I see from the book that is a bivariate modeling approach that only works for probit. It would be nice to use a more general approach that would also work for the proportional odds ordinal logistic model, using copulas.

The R brms package makes fitting univariate ordinal models so easy that I’m hoping the package will add multivariate copula capabilities for such problems.

Yes, need the bi/multivariate CDF to estimate this, and think the multivariate normal CDF is hard enough.
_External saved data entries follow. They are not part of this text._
(* Let $p,q\ge1$, $\alpha:\mathbb Z_p\times\mathbb Z_q\to[0,1]$ a probability distribution with $\alpha(0,0)=0$, $\mathcal L_*(x)=\sum_{(i,j)}\alpha(p-i,q-j)(J_p^i\otimes J_q^j)x(J_p^i\otimes J_q^j)^*-x$ on $\mathcal M_p(\mathbb C)\otimes\mathcal M_q(\mathbb C)$, and $\mathcal T_{*t}=e^{t\mathcal L_*}$. Set $\alpha'(i,j)=\alpha(i,j)$ for $(i,j)\neq(0,0)$ and $\alpha'(0,0)=-1$, $\lambda_{kl}=\sum_{i,j}\alpha'(i,j)\overline\omega_p^{ik}\overline\omega_q^{jl}$ and $\Phi_{m,n}(t)=\sum_{k,l}\omega_p^{mk}\omega_q^{nl}e^{t\lambda_{kl}}$. Then: (i) for all $(i,j),(i',j')\in\mathbb Z_p\times\mathbb Z_q$ and $t\ge0$, $$\mathcal T_{*t}(|e_i\otimes e_j\rangle\langle e_{i'}\otimes e_{j'}|)=\frac{1}{pq}\sum_{m,n}\Phi_{m,n}(t)|e_{m+i}\otimes e_{n+j}\rangle\langle e_{m+i'}\otimes e_{n+j'}|,$$ and the functions $\Phi_{m,n}(t)$ are real-valued; (ii) $\Omega_t=\frac{1}{pq}\sum_{m,n}\Phi_{m,n}(t)|u_{mn}\rangle\langle u_{mn}|$, where $u_{mn}=\frac{1}{\sqrt{pq}}\sum_{i,j}(e_i\otimes e_j)\otimes(e_{m+i}\otimes e_{n+j})$.
   Context: $\{e_j\}$ canonical bases of $\mathbb C^p,\mathbb C^q$ (indices mod $p$, $q$); $J_p=\sum_j|e_j\rangle\langle e_{j+1}|$, similarly $J_q$; $\omega_p,\omega_q$ primitive roots of unity of orders $p,q$; arguments of $\alpha$ mod $p,q$. With $\rho=\frac{1}{pq}\mathbf 1$, $\Omega_\rho=\frac{1}{\sqrt{pq}}\sum_{i,j}(e_i\otimes e_j)\otimes(e_i\otimes e_j)\in(\mathbb C^p\otimes\mathbb C^q)^{\otimes2}$ and $\Omega_t=(\mathrm{id}\otimes\mathcal T_{*t})(|\Omega_\rho\rangle\langle\Omega_\rho|)$. *)

From HB Require Import structures.
From mathcomp Require Import all_boot all_order all_algebra.
From mathcomp Require Import all_classical all_reals all_analysis.
From mathcomp.real_closed Require Import complex.

Set Implicit Arguments.
Unset Strict Implicit.
Unset Printing Implicit Defensive.

Import Order.TTheory GRing.Theory Num.Theory.
Local Open Scope ring_scope.
Local Open Scope complex_scope.

Definition csum_lim {R : realType} (u : nat -> R[i]) : R[i] :=
  (limn (series (fun k => (complex.Re (u k) : R) : R^o))) +i*
  (limn (series (fun k => (complex.Im (u k) : R) : R^o))).

Definition cexp {R : realType} (z : R[i]) : R[i] :=
  csum_lim (fun k => z ^+ k / (k`!)%:R).

Definition vec (R : realType) (I : finType) := I -> R[i].
Definition op (R : realType) (I : finType) := I -> I -> R[i].

Definition opid {R : realType} {I : finType} : op R I :=
  fun a b => (a == b)%:R.
Definition opmul {R : realType} {I : finType} (A B : op R I) : op R I :=
  fun a b => \sum_(c : I) A a c * B c b.
Definition oppow {R : realType} {I : finType} (A : op R I) (n : nat) : op R I :=
  iter n (opmul A) opid.
Definition opadj {R : realType} {I : finType} (A : op R I) : op R I :=
  fun a b => (A b a)^*.
Definition outer {R : realType} {I : finType} (u v : vec R I) : op R I :=
  fun a b => u a * (v b)^*.
Definition bvec {R : realType} {I : finType} (i : I) : vec R I :=
  fun a => (a == i)%:R.
Definition vtens {R : realType} {I J : finType} (u : vec R I) (v : vec R J)
  : vec R (I * J)%type := fun ab => u ab.1 * v ab.2.
Definition optens {R : realType} {I J : finType} (A : op R I) (B : op R J)
  : op R (I * J)%type := fun a b => A a.1 b.1 * B a.2 b.2.
(* id (x) T on operators of C^I (x) C^J, for T acting on operators of C^J *)
Definition idtens {R : realType} {I J : finType} (T : op R J -> op R J)
  (X : op R (I * J)%type) : op R (I * J)%type :=
  fun a b => T (fun k k' => X (a.1, k) (b.1, k')) a.2 b.2.

Lemma ord_n_gt0 (n : nat) (i : 'I_n) : (0 < n)%N.
Proof. exact: leq_ltn_trans (leq0n i) (ltn_ord i). Qed.

Definition zadd {n : nat} (i j : 'I_n) : 'I_n :=
  Ordinal (ltn_pmod (i + j) (ord_n_gt0 i)).
Definition zopp {n : nat} (i : 'I_n) : 'I_n :=
  Ordinal (ltn_pmod (n - i) (ord_n_gt0 i)).
Definition zsucc {n : nat} (i : 'I_n) : 'I_n :=
  Ordinal (ltn_pmod i.+1 (ord_n_gt0 i)).

Definition Jshift (R : realType) (n : nat) : op R 'I_n :=
  fun a b => \sum_(j : 'I_n) outer (bvec j) (bvec (zsucc j)) a b.

Definition Lstar {R : realType} {p q : nat} (alpha : 'I_p -> 'I_q -> R)
  (x : op R ('I_p * 'I_q)%type) : op R ('I_p * 'I_q)%type :=
  fun a b =>
    \sum_(ij : ('I_p * 'I_q)%type)
       (alpha (zopp ij.1) (zopp ij.2))%:C *
       (let U := optens (oppow (@Jshift R p) ij.1) (oppow (@Jshift R q) ij.2) in
        opmul (opmul U x) (opadj U)) a b
    - x a b.

Definition opexp {R : realType} {I : finType} (L : op R I -> op R I) (t : R)
  (x : op R I) : op R I :=
  fun a b => csum_lim (fun k => (t%:C) ^+ k / (k`!)%:R * iter k L x a b).

Definition Tstar {R : realType} {p q : nat} (alpha : 'I_p -> 'I_q -> R) (t : R)
  : op R ('I_p * 'I_q)%type -> op R ('I_p * 'I_q)%type :=
  opexp (Lstar alpha) t.

Definition alpha' {R : realType} {p q : nat} (alpha : 'I_p -> 'I_q -> R)
  (i : 'I_p) (j : 'I_q) : R :=
  if ((i : nat) == 0%N) && ((j : nat) == 0%N) then -1 else alpha i j.

Definition lambda {R : realType} {p q : nat} (alpha : 'I_p -> 'I_q -> R)
  (wp wq : R[i]) (k : 'I_p) (l : 'I_q) : R[i] :=
  \sum_(i : 'I_p) \sum_(j : 'I_q)
     (alpha' alpha i j)%:C * (wp^*) ^+ (i * k) * (wq^*) ^+ (j * l).

Definition Phi {R : realType} {p q : nat} (alpha : 'I_p -> 'I_q -> R)
  (wp wq : R[i]) (m : 'I_p) (n : 'I_q) (t : R) : R[i] :=
  \sum_(k : 'I_p) \sum_(l : 'I_q)
     wp ^+ (m * k) * wq ^+ (n * l) * cexp (t%:C * lambda alpha wp wq k l).

Definition ebas {R : realType} {p q : nat} (i : 'I_p) (j : 'I_q)
  : vec R ('I_p * 'I_q)%type := vtens (bvec i) (bvec j).

Definition Omega_rho {R : realType} (p q : nat)
  : vec R (('I_p * 'I_q) * ('I_p * 'I_q))%type :=
  fun a => ((Num.sqrt ((p * q)%:R : R))%:C)^-1 *
    \sum_(ij : ('I_p * 'I_q)%type)
       vtens (ebas ij.1 ij.2) (ebas ij.1 ij.2) a.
Don’t know much about copulas in Stan.

Why would you want an logistic model instead, though?

The effects in the logit link (proportional odds model) have ready interpretations as odds ratios, and the proportional odds model is a special case of the much-liked Wilcoxon test. If not using latent variables you can evaluate the copula directly, without using any complex CDFs.